- _Exercise_:
Report, in full, each line of the material below in which the string "drawsA" occurs.

....

(* Let the words $C_n$, $D_n$ over $\{1,2\}$ be defined by $C_1=1$, $D_1=2$, $C_{k+1}=C_k\,1\,D_k$, $D_{k+1}=C_k\,2\,D_k$ for $k\ge 1$. Let $n\geq 1$ and $k\geq 1$. The number of occurrences of the subsequence $1^k$ in $C_n$ (i.e. the number of $k$-element sets of positions of $C_n$ all carrying the letter $1$) is $\binom{2^{n-1}}{k}$, and the number of occurrences of the subsequence $2^k$ in $C_n$ is $\binom{2^{n-1}-1}{k}$. Consequently the number of occurrences of the classical pattern $1^k=1\text{-}1\text{-}\cdots\text{-}1$ ($k$ letters) in $C_n$ (i.e. the number of $k$-element sets of positions of $C_n$ all carrying the same letter) equals $$\binom{2^{n-1}}{k}+\binom{2^{n-1}-1}{k},$$ and, provided $k\neq 2^{n-1}$, this equals $\frac{2^n-k}{2^{n-1}-k}\binom{2^{n-1}-1}{k}$.
   Context: A subsequence occurrence of a word $u=u_1\cdots u_k$ in a word $w=w_1\cdots w_m$ is a choice of indices $i_1<\cdots<i_k$ with $w_{i_j}=u_j$ for all $j$. An occurrence of the (classical) pattern $1\text{-}1\text{-}\cdots\text{-}1$ of length $k$ is a choice of indices $i_1<\cdots<i_k$ such that $w_{i_1}=\cdots=w_{i_k}$. *)

From mathcomp Require Import all_boot all_algebra.
Set Implicit Arguments. Unset Strict Implicit. Unset Printing Implicit Defensive.

(* CD k = (C_{k+1}, D_{k+1}) *)
Fixpoint CD (k : nat) : seq nat * seq nat :=
  match k with
  | 0 => ([:: 1], [:: 2])
  | k'.+1 => let: (c, d) := CD k' in (c ++ 1 :: d, c ++ 2 :: d)
  end.

(* C_n for n >= 1 *)
Definition Cw (n : nat) : seq nat := (CD n.-1).1.
Definition Dw (n : nat) : seq nat := (CD n.-1).2.

(* Number of subsequence occurrences of u in w: sets of positions i_1<...<i_k
   (listed increasingly by enum) with w_{i_j} = u_j. *)
Definition occ_subseq (w u : seq nat) : nat :=
  #|[set S : {set 'I_(size w)} |
      (#|S| == size u) && ([seq nth 0 w (val i) | i <- enum S] == u)]|.

Definition occ_const_pattern (w : seq nat) (k : nat) : nat :=
  #|[set S : {set 'I_(size w)} |
      (#|S| == k) && [exists a : 'I_(size w), [forall i in S, nth 0 w i == nth 0 w a]]]|.

From mathcomp Require Import all_boot all_algebra.
From mathcomp Require Import zify ring.

Set Implicit Arguments.
Unset Strict Implicit.
Unset Printing Implicit Defensive.

(* C_n has 2^(n-1) ones and 2^(n-1) - 1 twos, so a k-set of positions carrying
   only ones (resp. only twos) is a k-subset of a set of that size; a k-set of
   equal letters is one or the other, and the closed form is the identity
   m C(m-1, k) = (m - k) C(m, k) with m = 2^(n-1). *)

Definition positions (w : seq nat) (a : nat) : {set 'I_(size w)} :=
  [set i : 'I_(size w) | nth 0 w i == a].

Lemma card_positions (w : seq nat) (a : nat) : #|positions w a| = count_mem a w.
Proof.
rewrite cardsE cardE /enum_mem size_filter.
rewrite -[in RHS](mkseq_nth 0 w) /mkseq -val_enum_ord -map_comp count_map.
by rewrite enumT; apply: eq_count => i; rewrite !inE.
Qed.

Lemma subset_positions (w : seq nat) (S : {set 'I_(size w)}) x a : x \in S ->
  (S \subset positions w a) = (nth 0 w x == a) && (S \subset positions w (nth 0 w x)).
Proof.
move=> Sx; apply/idP/andP => [/subsetP S_a | [/eqP <- //]].
have /S_a := Sx; rewrite inE => /eqP w_x; split; first by rewrite w_x.
by rewrite w_x; apply/subsetP.
Qed.

Lemma occ_subseq_nseq (w : seq nat) (a k : nat) :
  occ_subseq w (nseq k a) = 'C(count_mem a w, k).
Proof.
rewrite /occ_subseq -card_positions -cards_draws; apply: eq_card => S.
rewrite !inE size_nseq andbC; have [<- | _] := eqVneq #|S| k; last by rewrite !andbF.
rewrite !andbT cardE -(size_map (fun i : 'I_(size w) => nth 0 w i)).
apply/eqP/subsetP => [/all_pred1P /allP S_a i Si | S_a].
  rewrite inE; apply: S_a.
  by apply: (map_f (fun j : 'I_(size w) => nth 0 w j)); rewrite mem_enum.
apply/all_pred1P; rewrite all_map; apply/allP => i.
by rewrite mem_enum => /S_a; rewrite inE.
Qed.

Lemma occ_const_pattern_two_letters (w : seq nat) (a b k : nat) :
  a != b -> {subset w <= [:: a; b]} -> 0 < k ->
  occ_const_pattern w k = 'C(count_mem a w, k) + 'C(count_mem b w, k).
Proof.
move=> neq_ab w_ab k_gt0.
have constant_subset (S : {set 'I_(size w)}) x : x \in S ->
    [exists c : 'I_(size w), [forall i in S, nth 0 w i == nth 0 w c]]
    = (S \subset positions w (nth 0 w x)).
  move=> Sx; apply/existsP/subsetP => [[c /forall_inP S_c] i Si | S_x].
    by rewrite inE (eqP (S_c i Si)) (eqP (S_c x Sx)).
  by exists x; apply/forall_inP => i /S_x; rewrite inE.
rewrite /occ_const_pattern -!card_positions -!cards_draws -cardsUI.
set drawsA := [set S : {set _} | S \subset positions w a & _].
set drawsB := [set S : {set _} | S \subset positions w b & _].
have -> : drawsA :&: drawsB = set0.
  apply/setP => S; rewrite !inE.
  have [card_S | _] := eqVneq #|S| k; last by rewrite !andbF.
  have /card_gt0P[x Sx] : 0 < #|S| by rewrite card_S.
  rewrite !andbT (subset_positions a Sx) (subset_positions b Sx).
  by case: eqP => [-> | _] /=; rewrite ?(negbTE neq_ab) ?andbF.
rewrite cards0 addn0; apply: eq_card => S; rewrite !inE.
have [card_S | _] := eqVneq #|S| k; last by rewrite !andbF.
have /card_gt0P[x Sx] : 0 < #|S| by rewrite card_S.
rewrite !andbT (constant_subset _ _ Sx).
rewrite (subset_positions a Sx) (subset_positions b Sx) -andb_orl.
by have := w_ab _ (mem_nth 0 (ltn_ord x)); rewrite !inE => ->.
Qed.

Lemma count_CD j :
  [/\ count_mem 1 (CD j).1 = 2 ^ j, count_mem 2 (CD j).1 = 2 ^ j - 1,
      count_mem 1 (CD j).2 = 2 ^ j - 1 & count_mem 2 (CD j).2 = 2 ^ j].
Proof.
elim: j => [|j] //=; case: (CD j) => c d /= [c1 c2 d1 d2].
have : 0 < 2 ^ j by rewrite expn_gt0.
by rewrite !count_cat /= c1 c2 d1 d2 expnS; split; lia.
Qed.

Lemma CD_letters j : all [in [:: 1; 2]] ((CD j).1 ++ (CD j).2).
Proof.
elim: j => [|j] //=; case: (CD j) => c d /=.
by rewrite !all_cat /= => /andP[-> ->].
Qed.

Lemma count_Cw n :
  count_mem 1 (Cw n) = 2 ^ n.-1 /\ count_mem 2 (Cw n) = 2 ^ n.-1 - 1.
Proof. by have [] := count_CD n.-1. Qed.

Lemma Cw_letters n : {subset Cw n <= [:: 1; 2]}.
Proof. by move=> x Cx; apply: (allP (CD_letters n.-1)); rewrite mem_cat Cx. Qed.

Import GRing.Theory Num.Theory.
Local Open Scope ring_scope.

Lemma bin_add_bin_pred_ratio (F : numFieldType) (m k : nat) : k <> m ->
  ('C(m, k) + 'C(m - 1, k))%:R
    = ((2 * m)%N%:R - k%:R) / (m%:R - k%:R) * 'C(m - 1, k)%:R :> F.
Proof.
move=> /eqP neq_km; have [lt_mk | le_km] := ltnP m k.
  by rewrite (bin_small lt_mk) (@bin_small (m - 1)) ?mulr0 //; lia.
have mk_neq0 : m%:R - k%:R != 0 :> F.
  by rewrite -natrB // pnatr_eq0 subn_eq0 -ltnNge ltn_neqAle neq_km.
have bin_m : 'C(m, k)%:R = m%:R * 'C(m - 1, k)%:R / (m%:R - k%:R) :> F.
  apply: (canRL (mulfK mk_neq0)).
  by rewrite -natrB // -!natrM subn1 mul_bin_down mulnC.
by rewrite natrD bin_m natrM; field.
Qed.

Theorem proposition2 (n k : nat) (hn : (1 <= n)%N) (hk : (1 <= k)%N) :
  [/\ occ_subseq (Cw n) (nseq k 1%N) = 'C(2 ^ n.-1, k),
      occ_subseq (Cw n) (nseq k 2%N) = 'C(2 ^ n.-1 - 1, k),
      occ_const_pattern (Cw n) k = ('C(2 ^ n.-1, k) + 'C(2 ^ n.-1 - 1, k))%N
    & k <> (2 ^ n.-1)%N ->
      (occ_const_pattern (Cw n) k)%:R =
        ((2 ^ n)%:R - k%:R) / ((2 ^ n.-1)%:R - k%:R) * ('C(2 ^ n.-1 - 1, k))%:R
        :> rat].
Proof.
have [ones twos] := count_Cw n.
have occ_const : occ_const_pattern (Cw n) k = ('C(2 ^ n.-1, k) + 'C(2 ^ n.-1 - 1, k))%N.
  by rewrite (@occ_const_pattern_two_letters _ 1 2) ?ones ?twos //; apply: Cw_letters.
split; rewrite ?occ_subseq_nseq ?ones ?twos //.
by move=> neq_k; rewrite occ_const bin_add_bin_pred_ratio // -expnS prednK.
Qed.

....

- _Worked solution_:
set drawsA := [set S : {set _} | S \subset positions w a & _].
have -> : drawsA :&: drawsB = set0.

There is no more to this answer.